** Try it **
Write out the stretch of lines below that begins at the line with "dotv (M *m c) v = dotv c (M^T *m v)." and ends at the line with "transitivity ((M *m", including both, exactly as given and nothing more.

** Data extract **
(* Let $A \in \mathbb{R}^{n\times d}$, $b\in\mathbb{R}^n$, and suppose $Ax=b$ admits a solution $x^*$ (not necessarily unique). Let $w$ be a random variable in $\mathbb{R}^n$, $\mathcal{N}(w) = \mathrm{span}\lbrace z \in \mathbb{R}^d : \mathbb{P}[z'A'w=0]=1\rbrace$, $\mathcal{R}(w) = \mathcal{N}(w)^\perp$. Let $\lbrace w_\ell : \ell \geq 0\rbrace$ be random variables in $\mathbb{R}^n$ with $\mathbb{P}[A'w_\ell \in \mathcal{R}(w)] = 1$ for all $\ell$. Let $x_0 \in \mathbb{R}^d$ be arbitrary and $$x_{k+1} = x_k + \frac{A'w_k w_k'(b - Ax_k)}{\|A'w_k\|_2^2}, \quad k \geq 0.$$ Define stopping times $\tau_0 = 0$, $\tau_1 = \min\lbrace k\geq 0 : \mathrm{span}\lbrace A'w_0,\ldots,A'w_k\rbrace = \mathcal{R}(w)\rbrace$, and for $\ell \geq 2$, $\tau_\ell = \min\lbrace k > \tau_{\ell-1} : \mathrm{span}\lbrace A'w_{\tau_{\ell-1}+1},\ldots,A'w_k\rbrace = \mathcal{R}(w)\rbrace$ if $\tau_{\ell-1}<\infty$, and $\tau_\ell = \infty$ otherwise. When the stopping times are finite, let $\mathcal{F}_\ell$ ($\ell\in\mathbb{N}$) be the set of matrices $F$ whose columns form a maximal linearly independent subset of $\lbrace A'w_{\tau_{\ell-1}+1}/\|A'w_{\tau_{\ell-1}+1}\|_2, \ldots, A'w_{\tau_\ell}/\|A'w_{\tau_\ell}\|_2\rbrace$, and $\gamma_\ell = 1 - \min_{F\in\mathcal{F}_\ell}\det(F'F)$. Then $\gamma_\ell \in [0,1)$ and, for any $\ell$, on the event $\lbrace\tau_\ell<\infty\rbrace$, $$\|x_{\tau_\ell+1} - x^* - P_{\mathcal{N}(w)}(x_0 - x^* )\|_2^2 \leq \Big(\prod_{j=1}^\ell \gamma_j\Big) \|P_{\mathcal{R}(w)}(x_0 - x^* )\|_2^2.$$ Therefore, for any $k$, $$\|x_k - x^* - P_{\mathcal{N}(w)}(x_0 - x^* )\|_2^2 \leq \Big(\prod_{j=1}^{L(k)} \gamma_j\Big)\|P_{\mathcal{R}(w)}(x_0 - x^* )\|_2^2,$$ where $L(k) = \max\lbrace \ell : k \geq \tau_\ell + 1\rbrace$, on the event $\lbrace \tau_{L(k)} < \infty\rbrace$.
   Context: $P_W$ denotes the orthogonal projection onto a subspace $W$; $A'$ is the transpose. The iteration presupposes $A'w_k \neq 0$ so that it is defined. *)

From HB Require Import structures.
From mathcomp Require Import all_boot all_order all_algebra.
From mathcomp Require Import all_classical all_reals all_analysis.
Set Implicit Arguments.
Unset Strict Implicit.
Unset Printing Implicit Defensive.
Import Order.TTheory GRing.Theory Num.Theory.
Local Open Scope ring_scope.
Local Open Scope classical_set_scope.

Section RK.
Variable R : realType.

Definition dotv (m : nat) (u v : 'cV[R]_m) : R := (u^T *m v) 0 0.
Definition norm2 (m : nat) (v : 'cV[R]_m) : R := Num.sqrt (dotv v v).

Definition spanS (m : nat) (S : set 'cV[R]_m) : set 'cV[R]_m :=
  [set v | exists (k : nat) (c : 'I_k -> R) (u : 'I_k -> 'cV[R]_m),
      (forall i, S (u i)) /\ v = \sum_(i < k) c i *: u i].

Definition orthS (m : nat) (S : set 'cV[R]_m) : set 'cV[R]_m :=
  [set v | forall u, S u -> dotv u v = 0].

Definition projS (m : nat) (W : set 'cV[R]_m) (v : 'cV[R]_m) : 'cV[R]_m :=
  xget 0 [set p | W p /\ forall u, W u -> dotv u (v - p) = 0].

Definition first_time (p : nat -> Prop) : option nat :=
  if pselect (exists k, p k)
  then Some (xget 0%N [set k | p k /\ forall j, p j -> (k <= j)%N])
  else None.

Variables (dT : measure_display) (T : measurableType dT) (P : probability T R).
Variables (n d : nat) (A : 'M[R]_(n, d)) (b : 'cV[R]_n).

Definition Nspace (w : T -> 'cV[R]_n) : set 'cV[R]_d :=
  spanS [set z | P [set t | dotv z (A^T *m w t) = 0] = 1%E].
Definition Rspace (w : T -> 'cV[R]_n) : set 'cV[R]_d := orthS (Nspace w).

Variables (w : T -> 'cV[R]_n) (ws : nat -> T -> 'cV[R]_n) (x0 : 'cV[R]_d).

Fixpoint xiter (t : T) (k : nat) : 'cV[R]_d :=
  match k with
  | 0 => x0
  | k'.+1 =>
      let xk := xiter t k' in
      let a := A^T *m ws k' t in
      xk + (norm2 a ^+ 2)^-1 *: (a *m ((ws k' t)^T *m (b - A *m xk)))
  end.

Definition segspan (t : T) (lo k : nat) : set 'cV[R]_d :=
  spanS [set v | exists j, (lo <= j <= k)%N /\ v = A^T *m ws j t].

(* stopping times; None encodes infinity *)
Fixpoint tau (t : T) (l : nat) : option nat :=
  match l with
  | 0 => Some 0%N
  | l'.+1 =>
      match tau t l' with
      | None => None
      | Some s =>
          let lo := if l' is 0 then 0%N else s.+1 in
          first_time (fun k => (lo <= k)%N /\ segspan t lo k = Rspace w)
      end
  end.

Definition bstart (t : T) (l : nat) : nat :=
  match l with
  | 0 | 1 => 0%N
  | l'.+1 => if tau t l' is Some s then s.+1 else 0%N
  end.

Definition blockvecs (t : T) (l : nat) : set 'cV[R]_d :=
  [set v | exists j, (bstart t l <= j)%N /\
      (if tau t l is Some e then (j <= e)%N else False) /\
      v = (norm2 (A^T *m ws j t))^-1 *: (A^T *m ws j t)].

Definition Fmats (V : set 'cV[R]_d) : set {m : nat & 'M[R]_(d, m)} :=
  [set F | let M := projT2 F in
     (forall i j, col i M = col j M -> i = j) /\
     (forall i, V (col i M)) /\
     \rank M = projT1 F /\
     (forall v, V v -> (forall i, col i M != v) ->
        (\rank (row_mx M v) < (projT1 F).+1)%N)].

Definition gamma (t : T) (l : nat) : R :=
  1 - inf [set \det ((projT2 F)^T *m projT2 F) | F in Fmats (blockvecs t l)].

Definition isL (t : T) (k l : nat) : Prop :=
  (exists s, tau t l = Some s /\ (s.+1 <= k)%N) /\
  (forall l' s', tau t l' = Some s' -> (s'.+1 <= k)%N -> (l' <= l)%N).

End RK.

(* Write r_k = x_k - x* - P_N(x0 - x* ) and u_k = A'w_k / ||A'w_k||.  As b = A x* and
   A'w_k lies in R(w), one step of the iteration is r_{k+1} = (I - u_k u_k') r_k, and
   r_0 = P_R(x0 - x* ); hence r_k stays in R(w) and ||r_k|| never increases.  On the
   l-th block the u_j span R(w), so r at the start of the block lies in the column
   space of every F in F_l, and Meany's inequality
     ||(I - u_e u_e') ... (I - u_s u_s') F c||^2 <= (1 - det(F'F)) ||F c||^2
   (by induction on the number of projections, adding one column to F at a time and
   splitting its Gram determinant through a Schur complement) contracts ||r||^2 by
   gamma_l over the block.  Finally gamma_l < 1 because the matrices in F_l have their
   columns among finitely many vectors, so their Gram determinants are bounded below
   by a positive minimum. *)

From HB Require Import structures.
From mathcomp Require Import all_boot all_order all_algebra.
From mathcomp Require Import all_classical all_reals all_analysis.
From mathcomp Require Import ring lra zify.
Import Order.TTheory GRing.Theory Num.Theory.
Local Open Scope ring_scope.
Local Open Scope classical_set_scope.
Set Implicit Arguments. Unset Strict Implicit. Unset Printing Implicit Defensive.

Lemma mulmx_sum_col (R : comPzRingType) p m (F : 'M[R]_(p, m)) (c : 'cV[R]_m) :
  F *m c = \sum_i c i 0 *: col i F.
Proof.
apply/matrixP => i j; rewrite !mxE summxE; apply: eq_bigr => k _.
by rewrite !mxE (ord1 j) mulrC.
Qed.

Lemma col_row_mx_pred (T : Type) d m (v : 'cV[T]_d) (F : 'M[T]_(d, m)) (P : 'cV[T]_d -> Prop) :
  P v -> (forall i, P (col i F)) -> forall i, P (col i (row_mx v F : 'M[T]_(d, 1 + m))).
Proof.
move=> Pv PF i; case: (splitP i) => j ij.
  have -> : i = lshift m j by apply: val_inj.
  rewrite colKl (ord1 j); suff -> : col ord0 v = v by [].
  by apply/matrixP => r c; rewrite (ord1 c) !mxE.
have -> : i = rshift 1 j by apply: val_inj.
by rewrite colKr.
Qed.

Section Dot.
Variable R : realType.
Implicit Types m : nat.

Lemma dotvE m (u v : 'cV[R]_m) : dotv u v = \sum_i u i 0 * v i 0.
Proof. by rewrite /dotv !mxE; apply: eq_bigr => i _; rewrite !mxE. Qed.

Lemma dotvC m (u v : 'cV[R]_m) : dotv u v = dotv v u.
Proof. by rewrite !dotvE; apply: eq_bigr => i _; rewrite mulrC. Qed.

Lemma dotvDl m (u v z : 'cV[R]_m) : dotv (u + v) z = dotv u z + dotv v z.
Proof. by rewrite !dotvE -big_split; apply: eq_bigr => i _; rewrite !mxE mulrDl. Qed.

Lemma dotvDr m (u v z : 'cV[R]_m) : dotv z (u + v) = dotv z u + dotv z v.
Proof. by rewrite dotvC dotvDl !(dotvC z). Qed.

Lemma dotvZl m a (u z : 'cV[R]_m) : dotv (a *: u) z = a * dotv u z.
Proof. by rewrite !dotvE mulr_sumr; apply: eq_bigr => i _; rewrite !mxE mulrA. Qed.

Lemma dotvZr m a (u z : 'cV[R]_m) : dotv z (a *: u) = a * dotv z u.
Proof. by rewrite dotvC dotvZl dotvC. Qed.

Lemma dotvNl m (u z : 'cV[R]_m) : dotv (- u) z = - dotv u z.
Proof. by rewrite -scaleN1r dotvZl mulN1r. Qed.

Lemma dotvNr m (u z : 'cV[R]_m) : dotv z (- u) = - dotv z u.
Proof. by rewrite dotvC dotvNl dotvC. Qed.

Lemma dotvBl m (u v z : 'cV[R]_m) : dotv (u - v) z = dotv u z - dotv v z.
Proof. by rewrite dotvDl dotvNl. Qed.

Lemma dotvBr m (u v z : 'cV[R]_m) : dotv z (u - v) = dotv z u - dotv z v.
Proof. by rewrite dotvDr dotvNr. Qed.

Lemma dotv0l m (z : 'cV[R]_m) : dotv 0 z = 0.
Proof. by rewrite dotvE big1 // => i _; rewrite mxE mul0r. Qed.

Lemma dotv0r m (z : 'cV[R]_m) : dotv z 0 = 0.
Proof. by rewrite dotvC dotv0l. Qed.

Lemma dotv_ge0 m (v : 'cV[R]_m) : 0 <= dotv v v.
Proof. by rewrite dotvE sumr_ge0 // => i _; rewrite -expr2 sqr_ge0. Qed.

Lemma dotv_eq0 m (v : 'cV[R]_m) : dotv v v = 0 -> v = 0.
Proof.
rewrite dotvE => /eqP; rewrite psumr_eq0; last by move=> i _; rewrite -expr2 sqr_ge0.
move=> /allP v0; apply/matrixP => i j; rewrite (ord1 j) mxE.
by have /(_ (mem_index_enum i)) := v0 i; rewrite -expr2 sqrf_eq0 => /eqP.
Qed.

Lemma norm2_sq m (v : 'cV[R]_m) : norm2 v ^+ 2 = dotv v v.
Proof. by rewrite /norm2 sqr_sqrtr // dotv_ge0. Qed.

Lemma dotv_mull m k (M : 'M[R]_(m, k)) (c : 'cV[R]_k) (v : 'cV[R]_m) :
  dotv (M *m c) v = dotv c (M^T *m v).
Proof. by rewrite /dotv trmx_mul mulmxA. Qed.

Lemma dotv_mulr m k (M : 'M[R]_(m, k)) (c : 'cV[R]_k) (v : 'cV[R]_m) :
  dotv v (M *m c) = dotv (M^T *m v) c.
Proof. by rewrite dotvC dotv_mull dotvC. Qed.

Lemma dotv_sqr_le m (u v : 'cV[R]_m) : dotv u v ^+ 2 <= dotv u u * dotv v v.
Proof.
have [/dotv_eq0 ->|u_neq0] := eqVneq (dotv u u) 0.
  by rewrite !dotv0l expr0n mul0r.
have u_gt0 : 0 < dotv u u by rewrite lt_def u_neq0 dotv_ge0.
have := dotv_ge0 (dotv u u *: v - dotv u v *: u).
rewrite !(dotvBl, dotvBr, dotvZl, dotvZr) (dotvC v u) => ge0.
have : 0 <= dotv u u * (dotv u u * dotv v v - dotv u v ^+ 2).
  by move: ge0; congr (_ <= _); ring.
by rewrite pmulr_rge0 // subr_ge0.
Qed.

End Dot.

Section Gram.
Variables (R : realType) (d : nat).

Lemma gramE m (F : 'M[R]_(d, m)) i j : (F^T *m F) i j = dotv (col i F) (col j F).
Proof. by rewrite dotvE mxE; apply: eq_bigr => k _; rewrite !mxE. Qed.

Lemma mulmx_trmx_self_eq0 p q (M : 'M[R]_(p, q)) : M *m M^T = 0 -> M = 0.
Proof.
move=> MMt0; apply/row_matrixP => i; rewrite row0 -[row i M]trmxK.
apply/eqP; rewrite trmx_eq0; apply/eqP/dotv_eq0.
transitivity ((M *m M^T) i i); last by rewrite MMt0 mxE.
by rewrite dotvE mxE; apply: eq_bigr => j _; rewrite !mxE.
Qed.

Lemma mxrank_gram m (F : 'M[R]_(d, m)) : \rank (F^T *m F) = \rank F.
Proof.
apply/eqP; rewrite eqn_leq mxrankM_maxr /=.
have kerS : (kermx (F^T *m F) <= kermx F^T)%MS.
  rewrite sub_kermx; apply/eqP/mulmx_trmx_self_eq0.
  by rewrite trmx_mul trmxK mulmxA -(mulmxA _ F^T) mulmx_ker mul0mx.
have := mxrankS kerS; rewrite !mxrank_ker mxrank_tr.
have := rank_leq_col F; have := rank_leq_row (F^T *m F); lia.
Qed.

** Answer below **
  dotv (M *m c) v = dotv c (M^T *m v).
Proof. by rewrite /dotv trmx_mul mulmxA. Qed.

Lemma dotv_mulr m k (M : 'M[R]_(m, k)) (c : 'cV[R]_k) (v : 'cV[R]_m) :
  dotv v (M *m c) = dotv (M^T *m v) c.
Proof. by rewrite dotvC dotv_mull dotvC. Qed.

Lemma dotv_sqr_le m (u v : 'cV[R]_m) : dotv u v ^+ 2 <= dotv u u * dotv v v.
Proof.
have [/dotv_eq0 ->|u_neq0] := eqVneq (dotv u u) 0.
  by rewrite !dotv0l expr0n mul0r.
have u_gt0 : 0 < dotv u u by rewrite lt_def u_neq0 dotv_ge0.
have := dotv_ge0 (dotv u u *: v - dotv u v *: u).
rewrite !(dotvBl, dotvBr, dotvZl, dotvZr) (dotvC v u) => ge0.
have : 0 <= dotv u u * (dotv u u * dotv v v - dotv u v ^+ 2).
  by move: ge0; congr (_ <= _); ring.
by rewrite pmulr_rge0 // subr_ge0.
Qed.

End Dot.

Section Gram.
Variables (R : realType) (d : nat).

Lemma gramE m (F : 'M[R]_(d, m)) i j : (F^T *m F) i j = dotv (col i F) (col j F).
Proof. by rewrite dotvE mxE; apply: eq_bigr => k _; rewrite !mxE. Qed.

Lemma mulmx_trmx_self_eq0 p q (M : 'M[R]_(p, q)) : M *m M^T = 0 -> M = 0.
Proof.
move=> MMt0; apply/row_matrixP => i; rewrite row0 -[row i M]trmxK.
apply/eqP; rewrite trmx_eq0; apply/eqP/dotv_eq0.
transitivity ((M *m M^T) i i); last by rewrite MMt0 mxE.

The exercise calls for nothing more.